*** Opening of Records provided ***

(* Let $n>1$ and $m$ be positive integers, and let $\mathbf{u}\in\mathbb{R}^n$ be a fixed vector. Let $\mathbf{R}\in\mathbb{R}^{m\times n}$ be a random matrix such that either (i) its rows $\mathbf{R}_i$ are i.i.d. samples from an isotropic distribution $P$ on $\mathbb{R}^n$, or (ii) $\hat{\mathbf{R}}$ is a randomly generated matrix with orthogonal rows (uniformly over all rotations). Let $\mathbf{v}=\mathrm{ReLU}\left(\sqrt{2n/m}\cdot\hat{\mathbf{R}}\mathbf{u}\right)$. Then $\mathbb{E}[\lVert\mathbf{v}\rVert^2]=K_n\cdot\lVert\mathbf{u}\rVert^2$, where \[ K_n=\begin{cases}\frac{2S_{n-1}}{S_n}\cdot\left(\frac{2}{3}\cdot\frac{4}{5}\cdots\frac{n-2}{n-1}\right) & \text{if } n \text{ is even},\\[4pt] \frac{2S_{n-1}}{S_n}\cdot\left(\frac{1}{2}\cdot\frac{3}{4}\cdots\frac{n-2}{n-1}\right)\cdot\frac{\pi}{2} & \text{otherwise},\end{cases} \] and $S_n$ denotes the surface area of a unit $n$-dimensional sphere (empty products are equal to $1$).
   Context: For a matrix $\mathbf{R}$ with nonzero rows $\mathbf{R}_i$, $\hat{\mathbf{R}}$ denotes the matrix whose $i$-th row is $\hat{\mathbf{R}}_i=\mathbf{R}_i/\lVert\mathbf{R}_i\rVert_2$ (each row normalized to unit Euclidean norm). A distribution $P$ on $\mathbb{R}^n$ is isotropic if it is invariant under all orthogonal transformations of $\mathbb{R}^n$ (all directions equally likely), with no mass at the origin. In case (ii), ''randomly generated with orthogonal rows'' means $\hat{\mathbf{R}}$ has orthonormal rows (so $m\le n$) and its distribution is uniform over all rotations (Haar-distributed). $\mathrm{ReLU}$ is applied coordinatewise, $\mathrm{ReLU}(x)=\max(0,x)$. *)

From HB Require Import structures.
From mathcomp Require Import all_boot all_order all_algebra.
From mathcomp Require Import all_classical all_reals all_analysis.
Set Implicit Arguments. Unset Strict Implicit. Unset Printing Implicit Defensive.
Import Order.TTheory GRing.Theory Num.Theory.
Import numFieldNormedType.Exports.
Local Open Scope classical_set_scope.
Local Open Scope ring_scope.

*** Close of Records provided ***
*** Opening of Records provided ***

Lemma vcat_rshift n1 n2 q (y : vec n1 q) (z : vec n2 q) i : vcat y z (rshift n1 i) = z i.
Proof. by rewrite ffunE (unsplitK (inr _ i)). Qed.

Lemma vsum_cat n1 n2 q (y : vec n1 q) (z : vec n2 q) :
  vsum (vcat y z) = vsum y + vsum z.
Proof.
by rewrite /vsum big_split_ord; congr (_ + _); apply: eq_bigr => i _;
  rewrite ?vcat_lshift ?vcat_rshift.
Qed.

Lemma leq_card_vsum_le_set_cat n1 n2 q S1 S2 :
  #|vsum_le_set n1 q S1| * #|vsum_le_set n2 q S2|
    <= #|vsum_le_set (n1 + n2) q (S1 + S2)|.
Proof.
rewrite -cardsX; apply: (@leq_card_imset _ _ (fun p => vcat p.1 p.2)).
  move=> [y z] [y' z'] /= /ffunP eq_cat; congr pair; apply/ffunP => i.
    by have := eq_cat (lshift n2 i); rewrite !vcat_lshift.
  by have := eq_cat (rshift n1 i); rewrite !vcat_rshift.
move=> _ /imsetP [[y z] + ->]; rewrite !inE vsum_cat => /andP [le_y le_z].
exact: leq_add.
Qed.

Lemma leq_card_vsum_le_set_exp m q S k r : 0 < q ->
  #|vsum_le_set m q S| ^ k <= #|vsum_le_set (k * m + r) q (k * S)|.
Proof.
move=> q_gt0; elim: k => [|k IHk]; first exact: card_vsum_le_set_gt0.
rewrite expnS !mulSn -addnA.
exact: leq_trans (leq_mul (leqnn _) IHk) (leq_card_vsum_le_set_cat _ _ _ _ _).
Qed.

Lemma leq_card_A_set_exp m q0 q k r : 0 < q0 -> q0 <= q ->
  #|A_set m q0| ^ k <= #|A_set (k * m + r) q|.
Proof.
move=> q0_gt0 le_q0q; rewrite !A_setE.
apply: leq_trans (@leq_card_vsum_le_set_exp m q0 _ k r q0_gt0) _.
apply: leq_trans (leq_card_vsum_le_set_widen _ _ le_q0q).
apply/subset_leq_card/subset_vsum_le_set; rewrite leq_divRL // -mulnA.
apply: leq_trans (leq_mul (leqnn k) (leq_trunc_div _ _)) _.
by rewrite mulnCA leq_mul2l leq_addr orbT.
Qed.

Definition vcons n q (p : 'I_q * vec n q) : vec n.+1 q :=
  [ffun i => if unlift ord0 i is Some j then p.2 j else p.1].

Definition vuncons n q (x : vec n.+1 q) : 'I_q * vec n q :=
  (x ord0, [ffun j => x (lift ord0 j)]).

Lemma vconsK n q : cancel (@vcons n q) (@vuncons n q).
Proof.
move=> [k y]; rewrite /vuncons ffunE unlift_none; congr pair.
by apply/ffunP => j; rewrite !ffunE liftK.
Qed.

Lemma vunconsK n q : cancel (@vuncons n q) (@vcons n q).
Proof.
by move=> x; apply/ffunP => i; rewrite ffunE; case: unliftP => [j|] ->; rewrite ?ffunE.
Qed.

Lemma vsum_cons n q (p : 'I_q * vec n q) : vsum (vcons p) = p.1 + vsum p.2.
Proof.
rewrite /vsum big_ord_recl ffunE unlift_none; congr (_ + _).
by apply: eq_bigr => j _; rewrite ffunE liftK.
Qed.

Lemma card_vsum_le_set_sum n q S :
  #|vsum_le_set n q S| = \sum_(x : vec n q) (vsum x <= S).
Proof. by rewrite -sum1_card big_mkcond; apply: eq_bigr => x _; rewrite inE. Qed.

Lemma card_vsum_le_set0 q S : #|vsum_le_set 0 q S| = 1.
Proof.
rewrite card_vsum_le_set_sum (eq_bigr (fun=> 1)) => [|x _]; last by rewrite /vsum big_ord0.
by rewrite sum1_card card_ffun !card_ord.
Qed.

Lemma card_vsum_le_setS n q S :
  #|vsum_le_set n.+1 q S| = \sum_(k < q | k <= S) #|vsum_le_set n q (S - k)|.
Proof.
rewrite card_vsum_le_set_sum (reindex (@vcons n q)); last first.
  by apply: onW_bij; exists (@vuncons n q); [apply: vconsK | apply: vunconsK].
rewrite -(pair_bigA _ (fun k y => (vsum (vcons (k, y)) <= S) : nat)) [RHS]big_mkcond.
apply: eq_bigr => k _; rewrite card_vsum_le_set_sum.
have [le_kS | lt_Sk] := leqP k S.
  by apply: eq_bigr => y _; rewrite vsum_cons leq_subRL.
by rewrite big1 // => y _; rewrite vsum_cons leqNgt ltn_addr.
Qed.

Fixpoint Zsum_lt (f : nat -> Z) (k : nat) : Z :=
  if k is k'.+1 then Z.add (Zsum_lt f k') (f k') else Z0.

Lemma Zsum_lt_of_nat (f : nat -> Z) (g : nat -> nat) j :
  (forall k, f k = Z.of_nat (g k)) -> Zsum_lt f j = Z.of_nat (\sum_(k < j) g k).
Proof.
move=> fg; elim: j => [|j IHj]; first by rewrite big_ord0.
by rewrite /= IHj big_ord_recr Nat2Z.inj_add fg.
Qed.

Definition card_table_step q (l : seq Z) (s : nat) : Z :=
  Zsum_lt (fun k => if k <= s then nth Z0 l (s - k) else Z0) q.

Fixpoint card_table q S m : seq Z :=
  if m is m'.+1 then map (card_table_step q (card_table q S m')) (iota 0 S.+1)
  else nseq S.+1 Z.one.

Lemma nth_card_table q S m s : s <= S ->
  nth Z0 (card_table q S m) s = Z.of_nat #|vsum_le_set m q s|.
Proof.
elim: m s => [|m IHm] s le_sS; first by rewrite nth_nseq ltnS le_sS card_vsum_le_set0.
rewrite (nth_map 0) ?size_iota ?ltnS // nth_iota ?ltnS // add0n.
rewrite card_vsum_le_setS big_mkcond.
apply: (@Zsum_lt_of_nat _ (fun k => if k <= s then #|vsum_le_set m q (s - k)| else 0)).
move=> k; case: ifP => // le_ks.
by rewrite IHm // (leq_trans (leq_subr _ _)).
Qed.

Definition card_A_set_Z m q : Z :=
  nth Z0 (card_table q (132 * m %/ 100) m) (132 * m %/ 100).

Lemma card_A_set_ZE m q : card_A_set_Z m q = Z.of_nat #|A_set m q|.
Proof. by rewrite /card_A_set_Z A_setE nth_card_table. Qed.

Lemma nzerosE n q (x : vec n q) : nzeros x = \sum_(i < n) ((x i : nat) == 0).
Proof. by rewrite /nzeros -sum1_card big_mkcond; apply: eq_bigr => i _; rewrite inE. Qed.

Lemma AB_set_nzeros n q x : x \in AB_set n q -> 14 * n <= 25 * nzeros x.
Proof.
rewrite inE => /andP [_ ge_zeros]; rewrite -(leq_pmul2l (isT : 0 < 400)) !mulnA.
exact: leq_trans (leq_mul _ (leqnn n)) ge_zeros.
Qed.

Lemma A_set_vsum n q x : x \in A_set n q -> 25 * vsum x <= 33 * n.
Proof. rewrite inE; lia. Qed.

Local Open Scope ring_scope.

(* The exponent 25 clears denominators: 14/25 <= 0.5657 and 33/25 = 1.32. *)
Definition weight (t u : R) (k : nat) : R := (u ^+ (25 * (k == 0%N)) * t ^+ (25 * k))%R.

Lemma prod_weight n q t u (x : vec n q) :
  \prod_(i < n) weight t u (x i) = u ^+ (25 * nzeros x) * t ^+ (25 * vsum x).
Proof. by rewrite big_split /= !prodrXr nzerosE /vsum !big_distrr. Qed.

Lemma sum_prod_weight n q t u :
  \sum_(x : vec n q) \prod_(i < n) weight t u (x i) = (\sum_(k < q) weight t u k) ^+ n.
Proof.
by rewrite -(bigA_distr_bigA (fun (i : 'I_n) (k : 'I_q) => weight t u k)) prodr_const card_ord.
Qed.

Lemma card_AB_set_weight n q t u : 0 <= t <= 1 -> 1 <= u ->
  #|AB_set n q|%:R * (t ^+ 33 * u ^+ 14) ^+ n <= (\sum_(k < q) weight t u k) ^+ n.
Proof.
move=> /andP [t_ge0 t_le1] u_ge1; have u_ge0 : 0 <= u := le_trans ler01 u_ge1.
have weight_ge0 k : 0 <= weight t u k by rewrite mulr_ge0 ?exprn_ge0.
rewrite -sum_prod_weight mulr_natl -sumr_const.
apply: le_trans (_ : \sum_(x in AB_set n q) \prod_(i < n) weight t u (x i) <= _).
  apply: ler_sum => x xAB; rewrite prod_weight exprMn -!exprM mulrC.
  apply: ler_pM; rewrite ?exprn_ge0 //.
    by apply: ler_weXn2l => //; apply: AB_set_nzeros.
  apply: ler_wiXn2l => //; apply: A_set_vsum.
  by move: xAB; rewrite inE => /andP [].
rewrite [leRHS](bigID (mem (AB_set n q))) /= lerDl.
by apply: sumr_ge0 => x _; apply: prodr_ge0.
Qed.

*** Close of Records provided ***
*** Opening of Records provided ***

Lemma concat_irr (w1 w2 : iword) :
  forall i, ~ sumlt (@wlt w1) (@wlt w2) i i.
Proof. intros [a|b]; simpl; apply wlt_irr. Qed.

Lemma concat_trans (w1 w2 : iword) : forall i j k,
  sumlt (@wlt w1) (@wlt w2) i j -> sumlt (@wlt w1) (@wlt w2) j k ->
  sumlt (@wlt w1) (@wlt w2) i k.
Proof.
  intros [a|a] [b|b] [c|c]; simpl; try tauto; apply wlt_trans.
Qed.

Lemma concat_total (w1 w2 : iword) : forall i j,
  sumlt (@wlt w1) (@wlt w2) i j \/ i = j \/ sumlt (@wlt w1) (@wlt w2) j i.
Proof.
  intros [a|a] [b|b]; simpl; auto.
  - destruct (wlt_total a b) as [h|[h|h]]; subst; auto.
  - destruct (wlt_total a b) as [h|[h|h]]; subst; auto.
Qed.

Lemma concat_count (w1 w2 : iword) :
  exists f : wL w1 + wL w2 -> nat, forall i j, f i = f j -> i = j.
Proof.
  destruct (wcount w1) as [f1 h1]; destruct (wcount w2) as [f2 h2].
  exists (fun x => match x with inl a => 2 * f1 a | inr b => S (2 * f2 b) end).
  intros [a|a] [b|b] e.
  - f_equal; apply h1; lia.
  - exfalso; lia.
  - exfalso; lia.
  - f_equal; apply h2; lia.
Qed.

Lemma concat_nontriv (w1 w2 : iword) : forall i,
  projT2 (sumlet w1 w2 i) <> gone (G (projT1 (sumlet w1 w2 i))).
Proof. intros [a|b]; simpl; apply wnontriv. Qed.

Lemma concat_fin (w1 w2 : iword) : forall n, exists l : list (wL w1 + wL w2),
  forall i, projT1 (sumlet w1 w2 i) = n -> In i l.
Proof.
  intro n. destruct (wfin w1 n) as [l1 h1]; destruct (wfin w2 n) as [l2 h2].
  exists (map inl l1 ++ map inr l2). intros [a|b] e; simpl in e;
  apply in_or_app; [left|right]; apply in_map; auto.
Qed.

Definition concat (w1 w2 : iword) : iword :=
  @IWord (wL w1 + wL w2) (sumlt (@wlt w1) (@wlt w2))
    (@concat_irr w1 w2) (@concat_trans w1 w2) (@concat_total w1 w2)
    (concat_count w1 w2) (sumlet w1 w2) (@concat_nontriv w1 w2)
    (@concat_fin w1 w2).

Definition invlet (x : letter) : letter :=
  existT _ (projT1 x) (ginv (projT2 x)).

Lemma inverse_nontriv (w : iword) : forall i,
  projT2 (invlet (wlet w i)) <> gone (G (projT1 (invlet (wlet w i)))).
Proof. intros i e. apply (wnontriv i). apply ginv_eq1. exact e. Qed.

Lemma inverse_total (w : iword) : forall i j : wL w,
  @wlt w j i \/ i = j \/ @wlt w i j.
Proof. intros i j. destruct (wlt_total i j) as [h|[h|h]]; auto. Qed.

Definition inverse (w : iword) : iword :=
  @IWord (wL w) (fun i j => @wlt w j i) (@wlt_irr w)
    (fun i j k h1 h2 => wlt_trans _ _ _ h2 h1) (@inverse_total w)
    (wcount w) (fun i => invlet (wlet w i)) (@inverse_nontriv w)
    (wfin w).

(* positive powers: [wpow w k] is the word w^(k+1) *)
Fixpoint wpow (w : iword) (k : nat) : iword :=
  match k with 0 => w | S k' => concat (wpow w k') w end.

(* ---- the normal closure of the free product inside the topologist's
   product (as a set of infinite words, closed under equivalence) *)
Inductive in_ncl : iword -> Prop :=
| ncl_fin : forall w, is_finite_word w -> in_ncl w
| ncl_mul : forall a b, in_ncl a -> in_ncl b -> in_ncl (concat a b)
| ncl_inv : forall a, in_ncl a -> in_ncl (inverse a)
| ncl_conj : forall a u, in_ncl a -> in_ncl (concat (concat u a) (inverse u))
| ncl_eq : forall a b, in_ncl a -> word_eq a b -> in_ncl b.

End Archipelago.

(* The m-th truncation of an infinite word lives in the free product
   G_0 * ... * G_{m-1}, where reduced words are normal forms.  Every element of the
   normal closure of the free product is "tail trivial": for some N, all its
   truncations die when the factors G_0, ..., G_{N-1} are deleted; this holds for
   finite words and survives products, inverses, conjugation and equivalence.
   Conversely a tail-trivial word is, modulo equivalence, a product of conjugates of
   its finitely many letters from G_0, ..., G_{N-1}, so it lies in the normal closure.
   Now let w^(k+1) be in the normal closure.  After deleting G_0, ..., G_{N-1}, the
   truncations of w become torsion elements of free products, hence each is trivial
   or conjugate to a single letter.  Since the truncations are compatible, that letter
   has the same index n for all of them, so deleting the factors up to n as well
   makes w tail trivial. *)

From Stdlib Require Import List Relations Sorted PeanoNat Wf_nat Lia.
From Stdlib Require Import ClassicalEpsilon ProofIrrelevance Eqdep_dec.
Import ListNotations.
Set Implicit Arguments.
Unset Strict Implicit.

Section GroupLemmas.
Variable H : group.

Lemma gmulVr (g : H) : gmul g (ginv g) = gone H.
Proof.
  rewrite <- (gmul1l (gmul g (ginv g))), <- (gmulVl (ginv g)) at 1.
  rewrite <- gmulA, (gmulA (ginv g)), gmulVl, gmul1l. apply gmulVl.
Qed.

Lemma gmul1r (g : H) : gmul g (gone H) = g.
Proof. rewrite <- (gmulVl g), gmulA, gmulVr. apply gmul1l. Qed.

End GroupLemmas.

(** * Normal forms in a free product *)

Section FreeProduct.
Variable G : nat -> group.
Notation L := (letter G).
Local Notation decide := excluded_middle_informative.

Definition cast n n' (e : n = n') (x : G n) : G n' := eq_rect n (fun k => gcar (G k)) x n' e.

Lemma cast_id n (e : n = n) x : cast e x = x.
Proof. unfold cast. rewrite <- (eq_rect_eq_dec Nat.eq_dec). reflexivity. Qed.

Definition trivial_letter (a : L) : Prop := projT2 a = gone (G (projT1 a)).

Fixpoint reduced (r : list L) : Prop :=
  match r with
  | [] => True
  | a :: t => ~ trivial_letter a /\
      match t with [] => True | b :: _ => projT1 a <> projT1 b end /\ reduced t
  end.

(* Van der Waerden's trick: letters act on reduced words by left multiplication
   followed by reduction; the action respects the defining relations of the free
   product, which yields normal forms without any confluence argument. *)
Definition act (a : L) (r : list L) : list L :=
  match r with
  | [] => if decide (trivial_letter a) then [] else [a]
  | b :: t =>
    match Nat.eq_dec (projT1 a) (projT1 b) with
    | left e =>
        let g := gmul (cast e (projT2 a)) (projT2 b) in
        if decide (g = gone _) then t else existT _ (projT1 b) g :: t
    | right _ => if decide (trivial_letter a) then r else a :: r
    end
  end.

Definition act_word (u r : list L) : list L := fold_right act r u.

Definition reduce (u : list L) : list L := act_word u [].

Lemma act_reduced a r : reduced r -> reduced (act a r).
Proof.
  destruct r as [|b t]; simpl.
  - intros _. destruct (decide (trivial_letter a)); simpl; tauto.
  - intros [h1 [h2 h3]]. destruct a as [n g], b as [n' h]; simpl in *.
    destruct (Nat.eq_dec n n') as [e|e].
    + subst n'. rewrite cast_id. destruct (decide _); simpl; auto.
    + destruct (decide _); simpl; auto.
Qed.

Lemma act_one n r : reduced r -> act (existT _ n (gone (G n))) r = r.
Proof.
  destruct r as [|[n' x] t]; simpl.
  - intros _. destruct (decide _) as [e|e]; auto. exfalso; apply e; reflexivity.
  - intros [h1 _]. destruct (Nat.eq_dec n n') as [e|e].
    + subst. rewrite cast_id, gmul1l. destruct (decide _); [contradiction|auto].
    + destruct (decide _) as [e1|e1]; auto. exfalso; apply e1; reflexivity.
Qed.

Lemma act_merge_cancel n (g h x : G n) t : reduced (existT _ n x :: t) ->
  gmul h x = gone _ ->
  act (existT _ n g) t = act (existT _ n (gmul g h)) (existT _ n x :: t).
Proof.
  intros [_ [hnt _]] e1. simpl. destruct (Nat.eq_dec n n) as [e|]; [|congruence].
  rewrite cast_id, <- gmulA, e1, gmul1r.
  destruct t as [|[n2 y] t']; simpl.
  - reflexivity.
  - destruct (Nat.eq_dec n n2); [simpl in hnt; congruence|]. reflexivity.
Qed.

*** Close of Records provided ***

About this task: Please return all lines above in which the string "wpow" is found.

Result of this exercise:
(* positive powers: [wpow w k] is the word w^(k+1) *)
Fixpoint wpow (w : iword) (k : nat) : iword :=
  match k with 0 => w | S k' => concat (wpow w k') w end.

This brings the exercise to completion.